GFP staffers have added to the potential food base for game fish in Lake Oahe by placing about 1,800 adult gizzard shad into the lake this past spring.

"The plan was to stock pre-spawn adult shad with the idea that their offspring could provide food resources in localized areas of Oahe. The adults began spawning in June and newly hatched, or larval, shad are being caught in small-mesh trawls, (nets towed behind a boat) at most locations where adults were stocked," Fincel said.

GFP staffers have spoken with some anglers who report seeing walleyes that they consider to be skinny, but other anglers think the fish look fine.

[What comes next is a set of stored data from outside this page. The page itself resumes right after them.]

Lemma ltn_lift h (k l : 'I_n) : (lift h k < lift h l) = (k < l).
Proof. by rewrite !ltnNge leq_bump2. Qed.

Lemma lift_perm_mono p u x y : x != p -> y != p ->
  (lift_perm p u 1 x < lift_perm p u 1 y) = (x < y).
Proof.
case: (unliftP p x) => [k ->|->]; last by rewrite eqxx.
case: (unliftP p y) => [l ->|->]; last by rewrite eqxx.
by rewrite !lift_perm_lift !perm1 !ltn_lift.
Qed.

Lemma lift_perm_le h j x : h <= j -> x != h -> lift_perm h j 1 x <= x.
Proof.
case: (unliftP h x) => [k ->|->]; last by rewrite eqxx.
by rewrite lift_perm_lift perm1 /= /bump => hj _; case: leqP; case: leqP => //=; lia.
Qed.

Lemma lift_perm_lt h j x : h < x -> x <= j -> lift_perm h j 1 x < x.
Proof.
case: (unliftP h x) => [k ->|->]; last by rewrite ltnn.
by rewrite lift_perm_lift perm1 /= /bump; case: leqP; case: leqP => //=; lia.
Qed.

Lemma sum_lift_perm_lt S h j d : h \notin S -> d \in S -> h < d -> d <= j ->
  \sum_(x in lift_perm h j 1 @: S) (x : nat) < \sum_(x in S) (x : nat).
Proof.
move=> hS dS hd dj; rewrite big_imset /=; last by move=> x y _ _ /perm_inj.
rewrite (bigD1 d) //= [X in _ < X](bigD1 d) //= -addSn.
apply: leq_add; first exact: lift_perm_lt.
apply: leq_sum => x /andP[xS _]; apply: lift_perm_le; first by lia.
by apply: contraNneq hS => <-.
Qed.

Definition alpha p u : ptrans n.+1 :=
  [ffun x => if x == p then None else Some (lift_perm p u 1 x)].

Lemma alphaE p u x : x != p -> alpha p u x = Some (lift_perm p u 1 x).
Proof. by move=> /negbTE xp; rewrite ffunE xp. Qed.

Lemma pdom_alpha p u : pdom (alpha p u) = [set~ p].
Proof. by apply/setP => x; rewrite !inE ffunE; case: (x =P p). Qed.

Lemma pimg_alpha p u : pimg (alpha p u) = [set~ u].
Proof.
apply/setP => y; rewrite in_setC1; apply/pimgP/idP => [[x]|yu].
  rewrite ffunE; case: (x =P p) => // /eqP xp [<-].
  by rewrite -[X in _ != X](lift_perm_id p u 1) (inj_eq perm_inj).
exists ((lift_perm p u 1)^-1 y)%g; rewrite alphaE ?permKV //.
by rewrite -(inj_eq (@perm_inj _ (lift_perm p u 1))) permKV lift_perm_id.
Qed.

Lemma alpha_POI p u : in_POI (alpha p u).
Proof.
apply/POIP => x y v v'; rewrite !ffunE.
case: (x =P p) => // /eqP xp [<-]; case: (y =P p) => // /eqP yp [<-].
by rewrite lift_perm_mono.
Qed.

Lemma alpha_comp p w u : pcomp (alpha p w) (alpha w u) = alpha p u.
Proof.
apply: ptransP => x; rewrite !ffunE; case: (x =P p) => // /eqP xp.
rewrite ffunE -[X in _ == X](lift_perm_id p w 1) (inj_eq perm_inj) (negbTE xp).
by rewrite -permM lift_permM mulg1.
Qed.

Lemma alpha_id p : alpha p p = pid_on [set~ p].
Proof. by apply: ptransP => x; rewrite !ffunE !inE lift_perm1 perm1; case: (x =P p). Qed.

Lemma AO_alpha p u : in_AO (alpha p u) = (odd p == odd u).
Proof.
rewrite /in_AO alpha_POI andbT /in_AI (andP (alpha_POI p u)).1 /=.
apply/existsP/eqP => [[s /andP[even_s /forallP ext]]|odd_pu]; last first.
  exists (lift_perm p u 1); rewrite odd_lift_perm odd_perm1 odd_pu addbb /=.
  by apply/forallP => x; rewrite ffunE; case: (x =P p); rewrite ?eqxx.
have agree x : x != p -> s x = lift_perm p u 1 x.
  by move=> xp; move/implyP: (ext x); rewrite alphaE // => /(_ isT)/eqP[].
have s_eq : s = lift_perm p u 1.
  apply/permP => x; have [->|/agree //] := eqVneq x p.
  have [yp|yp] := eqVneq ((lift_perm p u 1)^-1 (s p))%g p.
    by apply: (@perm_inj _ (lift_perm p u 1)^-1); rewrite permK.
  by move: (agree _ yp); rewrite permKV => /perm_inj eq_p; rewrite eq_p eqxx in yp.
by move: even_s; rewrite s_eq odd_lift_perm odd_perm1 addbF; case: (odd p); case: (odd u).
Qed.

Lemma POI_corank1 a p : in_POI a -> pdom a = [set~ p] -> exists u, a = alpha p u.
Proof.
move=> POIa dom_a.
have /cards1P[u img_u] : #|~: pimg a| == 1.
  apply/eqP/(@addnI #|pimg a|); rewrite cardsC card_pimg // dom_a cardsC1 card_ord.
  by rewrite addn1.
exists u; apply: POI_eq; rewrite ?alpha_POI ?pdom_alpha ?pimg_alpha //.
by rewrite -[pimg a]setCK img_u.
Qed.

Lemma alpha_pcomp_hole h j b : b h = None ->
  pcomp (alpha j h) b = [ffun x => b (lift_perm j h 1 x)].
Proof.
move=> bh; apply: ptransP => x; rewrite !ffunE.
by case: (x =P j) => [->|]; rewrite ?lift_perm_id.
Qed.

Lemma pdom_alpha_pcomp h j b : b h = None ->
  pdom (pcomp (alpha j h) b) = lift_perm h j 1 @: pdom b.
Proof.
move=> bh; rewrite alpha_pcomp_hole // -preim_permV lift_permV invg1.
by apply/setP => x; rewrite !inE ffunE.
Qed.

Lemma pimg_alpha_pcomp h j b : b h = None -> pimg (pcomp (alpha j h) b) = pimg b.
Proof.
move=> bh; rewrite alpha_pcomp_hole //; apply/setP => y.
apply/pimgP/pimgP => [[x]|[x bx]]; rewrite ?ffunE; first by exists (lift_perm j h 1 x).
by exists ((lift_perm j h 1)^-1 x)%g; rewrite ffunE permKV.
Qed.

Lemma alpha_pcompK h j b : b h = None -> pcomp (alpha h j) (pcomp (alpha j h) b) = b.
Proof.
move=> bh; rewrite -pcompA alpha_comp alpha_id; apply: ptransP => x.
by rewrite !ffunE !inE; case: (x =P h) => [->|].
Qed.

Lemma pcomp_alpha_nonimg h j b : h \notin pimg b ->
  pcomp b (alpha h j) = [ffun x => omap (lift_perm h j 1) (b x)].
Proof.
move=> hb; apply: ptransP => x; rewrite !ffunE; case bx: (b x) => [y|] //=.
rewrite alphaE //; apply: contraNneq hb => <-; apply/pimgP; by exists x.
Qed.

Lemma pdom_pcomp_alpha h j b : h \notin pimg b -> pdom (pcomp b (alpha h j)) = pdom b.
Proof.
move=> hb; rewrite pcomp_alpha_nonimg //.
by apply/setP => x; rewrite !inE ffunE; case: (b x).
Qed.

Lemma pimg_pcomp_alpha h j b : h \notin pimg b ->
  pimg (pcomp b (alpha h j)) = lift_perm h j 1 @: pimg b.
Proof.
move=> hb; rewrite pcomp_alpha_nonimg //; apply/setP => y.
apply/pimgP/imsetP => [[x]|[z /pimgP[x bx] ->]]; last by exists x; rewrite ffunE bx.
by rewrite ffunE; case bx: (b x) => [z|] // [<-]; exists z => //; apply/pimgP; exists x.
Qed.

Lemma pcomp_alphaK h j b : h \notin pimg b -> pcomp (pcomp b (alpha h j)) (alpha j h) = b.
Proof.
move=> hb; rewrite pcompA alpha_comp alpha_id; apply: ptransP => x.
rewrite !ffunE; case bx: (b x) => [y|] //; rewrite ffunE in_setC1.
suff -> : y != h by [].
by apply: contraNneq hb => <-; apply/pimgP; exists x.
Qed.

"When you look at the whole reservoir and all the fishing trips that occur on it, fish caught at some locations on a specific angler trip may be skinnier than fish caught elsewhere on a different trip. This range in fish condition indicates food resources are adequate in some locations and more sparse in other locations. Anglers also report seeing clouds of baitfish on their graphs," Fincel said.

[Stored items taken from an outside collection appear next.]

(* Let $C=C_{\{\mathcal{I}_n,\mathcal{J}_n\}}$ be a nice Cantor set, let $0<c<1$ be a constant with $J_{n,i}\cap cI_{n,i}\neq\emptyset$ for all $n,i$, and assume $|J_{n,i}|<\frac{1-c}{3}|I_{n,i}|$ for all $n,i$. Then there is a constant $c'>0$ such that for any two distinct $J,J'\in\mathcal{J}$, if $K$ is the interval between $J$ and $J'$, then $|K|\ge c'\min\{|J|,|J'|\}$.
   Context: A Cantor construction $\{\mathcal{I}_n,\mathcal{J}_n\}_n$: for each $n\in\mathbb{N}$, $\mathcal{I}_n=\{I_{n,i}\}_i$ is a collection of closed intervals with mutually disjoint interiors and $\mathcal{J}_n=\{J_{n,i}\}_i$ a collection of open intervals with $J_{n,i}\subset I_{n,i}$, such that each $I_{n+1,i}$ is contained in some $I_{n,j}$, $\bigcup\mathcal{I}_{n+1}=\bigcup\mathcal{I}_n\setminus\bigcup\mathcal{J}_n$, $\sup_j|I_{n,j}|\to0$, and $\bigcup\mathcal{I}_1$ is bounded; $C=\bigcap_n\bigcup_iI_{n,i}$, $\mathcal{I}=\bigcup_n\mathcal{I}_n$, $\mathcal{J}=\bigcup_n\mathcal{J}_n$. Nice: there is $0<c<1$ with $cI_{n,i}\cap J_{n,i}\neq\emptyset$ for all $n,i$ ($cI$ the interval concentric with $I$ of length $c|I|$). *)

From Stdlib Require Export Reals.
Open Scope R_scope.

(* Levels are indexed by n : nat,
   starting at 0 (the paper's level 1 is our level 0).
   I_{n,i} = [Ia n i, Ib n i]  (closed interval, Ia <= Ib)
   J_{n,i} = (Ja n i, Jb n i)  (open interval, Ja <= Jb)               *)

Definition inI (idx : nat -> Type) (Ia Ib : forall n, idx n -> R)
  (n : nat) (i : idx n) (x : R) : Prop := Ia n i <= x <= Ib n i.

Definition inJ (idx : nat -> Type) (Ja Jb : forall n, idx n -> R)
  (n : nat) (i : idx n) (x : R) : Prop := Ja n i < x < Jb n i.

Definition cantor_construction (idx : nat -> Type)
  (Ia Ib Ja Jb : forall n, idx n -> R) : Prop :=
  (forall n i, Ia n i <= Ib n i) /\
  (forall n i, Ja n i <= Jb n i) /\
  (forall n i x, inJ idx Ja Jb n i x -> inI idx Ia Ib n i x) /\
  (forall n (i j : idx n), i <> j -> forall x,
      ~ ((Ia n i < x < Ib n i) /\ (Ia n j < x < Ib n j))) /\
  (forall n (i : idx (S n)), exists j : idx n,
      forall x, inI idx Ia Ib (S n) i x -> inI idx Ia Ib n j x) /\
  (forall n x, (exists i, inI idx Ia Ib (S n) i x) <->
     ((exists i, inI idx Ia Ib n i x) /\ ~ (exists i, inJ idx Ja Jb n i x))) /\
  (forall eps, 0 < eps -> exists N, forall n, (N <= n)%nat ->
      forall j, Ib n j - Ia n j <= eps) /\
  (exists M, forall i x, inI idx Ia Ib 0 i x -> Rabs x <= M).

(* the interval c I concentric with I of length c |I| meets J *)
Definition nice_with (idx : nat -> Type) (Ia Ib Ja Jb : forall n, idx n -> R)
  (c : R) : Prop :=
  0 < c < 1 /\
  forall n i, exists x,
    (Ia n i + Ib n i) / 2 - c * (Ib n i - Ia n i) / 2 <= x <=
    (Ia n i + Ib n i) / 2 + c * (Ib n i - Ia n i) / 2 /\
    inJ idx Ja Jb n i x.

Definition nice (idx : nat -> Type) (Ia Ib Ja Jb : forall n, idx n -> R) : Prop :=
  exists c, nice_with idx Ia Ib Ja Jb c.

(* Niceness together with |J| < (1-c)/3 |I| leaves, inside each I, a margin longer
   than |J|/2 on both sides of its gap J.  Given two distinct gaps J = J_{n,i} left
   of J' = J_{m,k}, either I_{m,k} lies to the right of J (if n < m, since I_{m,k}
   sits inside I_{n+1} which avoids J_n; if n = m, by disjointness of interiors), or
   I_{n,i} lies to the left of J' (if m < n).  In both cases the interval between J
   and J' contains one of the margins, so c' = 1/2 works. *)
From Stdlib Require Import Reals Lra Lia Arith.
Open Scope R_scope.

Lemma open_sub_closed_endpoints (u v a b : R) :
  u < v -> (forall x, u < x < v -> a <= x <= b) -> a <= u /\ v <= b.
Proof.
  intros Huv Hsub; split.
  - destruct (Rle_or_lt a u) as [Hau|Hua]; [exact Hau|].
    pose proof (Hsub ((u + Rmin a v) / 2)).
    unfold Rmin in *; destruct (Rle_dec a v); lra.
  - destruct (Rle_or_lt v b) as [Hvb|Hbv]; [exact Hvb|].
    pose proof (Hsub ((Rmax b u + v) / 2)).
    unfold Rmax in *; destruct (Rle_dec b u); lra.
Qed.

Lemma avoiding_interval_right (u v a b : R) :
  u < v -> v <= b -> (forall x, a < x < b -> ~ (u < x < v)) -> v <= a.
Proof.
  intros Huv Hvb Havoid.
  destruct (Rle_or_lt v a) as [Hva|Hav]; [exact Hva|].
  exfalso; apply (Havoid ((Rmax a u + v) / 2));
    unfold Rmax; destruct (Rle_dec a u); lra.
Qed.

Lemma avoiding_interval_left (u v a b : R) :
  u < v -> a <= u -> (forall x, a < x < b -> ~ (u < x < v)) -> b <= u.
Proof.
  intros Huv Hau Havoid.
  destruct (Rle_or_lt b u) as [Hbu|Hub]; [exact Hbu|].
  exfalso; apply (Havoid ((u + Rmin b v) / 2));
    unfold Rmin; destruct (Rle_dec b v); lra.
Qed.

Lemma concentric_gap_margins (a b u v c x : R) :
  (a + b) / 2 - c * (b - a) / 2 <= x <= (a + b) / 2 + c * (b - a) / 2 ->
  u < x < v -> v - u < (1 - c) / 3 * (b - a) ->
  u - a > (v - u) / 2 /\ b - v > (v - u) / 2.
Proof. intros Hx Hxuv Hsmall; split; lra. Qed.

Section CantorConstruction.

Variable idx : nat -> Type.
Variables Ia Ib Ja Jb : forall n, idx n -> R.
Hypothesis Hcc : cantor_construction idx Ia Ib Ja Jb.

Lemma gap_sub_endpoints n (i : idx n) :
  Ja n i < Jb n i -> Ia n i <= Ja n i /\ Jb n i <= Ib n i.
Proof.
  destruct Hcc as [_ [_ [Hsub _]]].
  intros HJ; apply open_sub_closed_endpoints; [exact HJ|].
  intros x Hx; exact (Hsub n i x Hx).
Qed.

Lemma deeper_interval_in_next_level n m (k : idx m) x :
  (n < m)%nat -> inI idx Ia Ib m k x -> exists j, inI idx Ia Ib (S n) j x.
Proof.
  destruct Hcc as [_ [_ [_ [_ [Hnest _]]]]].
  revert k x; induction m as [|m IH]; intros k x Hnm Hx; [lia|].
  destruct (Nat.eq_dec n m) as [<-|Hne]; [now exists k|].
  destruct (Hnest m k) as [j Hj].
  exact (IH j x ltac:(lia) (Hj x Hx)).
Qed.

Lemma deeper_interval_avoids_gap n (i : idx n) m (k : idx m) x :
  (n < m)%nat -> inI idx Ia Ib m k x -> ~ inJ idx Ja Jb n i x.
Proof.
  destruct Hcc as [_ [_ [_ [_ [_ [Hunion _]]]]]].
  intros Hnm Hx HJ.
  apply (proj1 (Hunion n x) (deeper_interval_in_next_level n m k x Hnm Hx)).
  now exists i.
Qed.

Lemma gaps_separated n (i : idx n) m (k : idx m) :
  Ja n i < Jb n i -> Ja m k < Jb m k ->
  (Ja n i, Jb n i) <> (Ja m k, Jb m k) -> Jb n i <= Ja m k ->
  Jb n i <= Ia m k \/ Ib n i <= Ja m k.
Proof.
  intros HJ HJ' Hne Hleft.
  destruct (gap_sub_endpoints n i HJ) as [Hai Hbi].
  destruct (gap_sub_endpoints m k HJ') as [Hak Hbk].
  destruct (lt_eq_lt_dec n m) as [[Hnm|<-]|Hmn].
  - left; apply (avoiding_interval_right (Ja n i) (Jb n i) _ (Ib m k)); [lra|lra|].
    intros x Hx; apply (deeper_interval_avoids_gap n i m k x Hnm).
    unfold inI; lra.
  - left; apply (avoiding_interval_right (Ja n i) (Jb n i) _ (Ib n k)); [lra|lra|].
    destruct Hcc as [_ [_ [_ [Hdisj _]]]].
    assert (Hik : i <> k) by (intros ->; exact (Hne eq_refl)).
    intros x Hx HxJ; apply (Hdisj n i k Hik x); lra.
  - right; apply (avoiding_interval_left (Ja m k) (Jb m k) (Ia n i)); [lra|lra|].
    intros x Hx; apply (deeper_interval_avoids_gap m k n i x Hmn).
    unfold inI; lra.
Qed.

End CantorConstruction.

Theorem lemma5p4 (idx : nat -> Type) (Ia Ib Ja Jb : forall n, idx n -> R) (c : R) :
  cantor_construction idx Ia Ib Ja Jb ->
  nice idx Ia Ib Ja Jb ->
  nice_with idx Ia Ib Ja Jb c ->
  (forall n i, Jb n i - Ja n i < (1 - c) / 3 * (Ib n i - Ia n i)) ->
  exists c', 0 < c' /\
    forall n (i : idx n) m (k : idx m),
      (Ja n i, Jb n i) <> (Ja m k, Jb m k) ->
      (* J = J_{n,i} lies to the left of J' = J_{m,k}; K = [Jb n i, Ja m k] *)
      Jb n i <= Ja m k ->
      Ja m k - Jb n i >= c' * Rmin (Jb n i - Ja n i) (Jb m k - Ja m k).
Proof.
  intros Hcc _ [_ Hmeets] Hsmall.
  assert (Hmargins : forall n i, Ja n i < Jb n i /\
            Ja n i - Ia n i > (Jb n i - Ja n i) / 2 /\
            Ib n i - Jb n i > (Jb n i - Ja n i) / 2).
  { intros n i; destruct (Hmeets n i) as [x [Hx HxJ]].
    unfold inJ in HxJ; split; [lra|].
    exact (concentric_gap_margins _ _ _ _ c x Hx HxJ (Hsmall n i)). }
  exists (1 / 2); split; [lra|].
  intros n i m k Hne Hleft.
  destruct (Hmargins n i) as [HJ [_ Hright_margin]].
  destruct (Hmargins m k) as [HJ' [Hleft_margin _]].
  pose proof (Rmin_l (Jb n i - Ja n i) (Jb m k - Ja m k)).
  pose proof (Rmin_r (Jb n i - Ja n i) (Jb m k - Ja m k)).
  destruct (gaps_separated idx Ia Ib Ja Jb Hcc n i m k HJ HJ' Hne Hleft); lra.
Qed.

GFP has received inquiries from anglers on the possibility of raising the daily and possession limits for walleye on Lake Oahe. Daily limits as high as 14 fish were used in the early 2000s in an attempt to reduce walleye abundance and thus reduce predation on a low density of rainbow smelt, to help increase smelt abundance.

"You hear rumors at fish-cleaning stations, bars, and coffee shops up and down the reservoir about GFP raising the limits, but there are no immediate plans to do so," Fincel said. "Raising the limit is not always needed if you want to harvest a lot of fish. In 2011, we harvested almost as many walleyes with a four-fish daily limit as we did in 2001 with a 14-fish limit because of the high number of fishing trips and the high percentage of anglers keeping a daily limit of four fish. Walleye harvest estimates for April through June this year have been the highest recorded, surpassing the harvests in 2001 and 2011."

Fincel summed up fishing conditions on Lake Oahe by noting that the current level of fishing is providing exciting opportunities for anglers of all ages and all experience levels.

"The Oahe walleye fishery currently has a lot of fish that are easy for anglers to catch, and they are abundant enough that keeping them will not hurt the fishery," Fincel said. "We have learned a lot about the current status of this fishery since the flooding, but there are still some important surveys that need to be completed to help determine the current status of the Lake Oahe fishery."


----------



## jpallen14 (Nov 28, 2005)

Fishing has been OK.


----------



## nodakoutdoors.com (Feb 27, 2002)

It's been rough on the ND side...I quit fishing it around a month ago since Sak is so hot. Glad to hear fishing is better to the south than what we had up here this year.


----------



## BirdJ (Aug 24, 2011)

Fishing has been good here for now but time will tell if it stays that way.


----------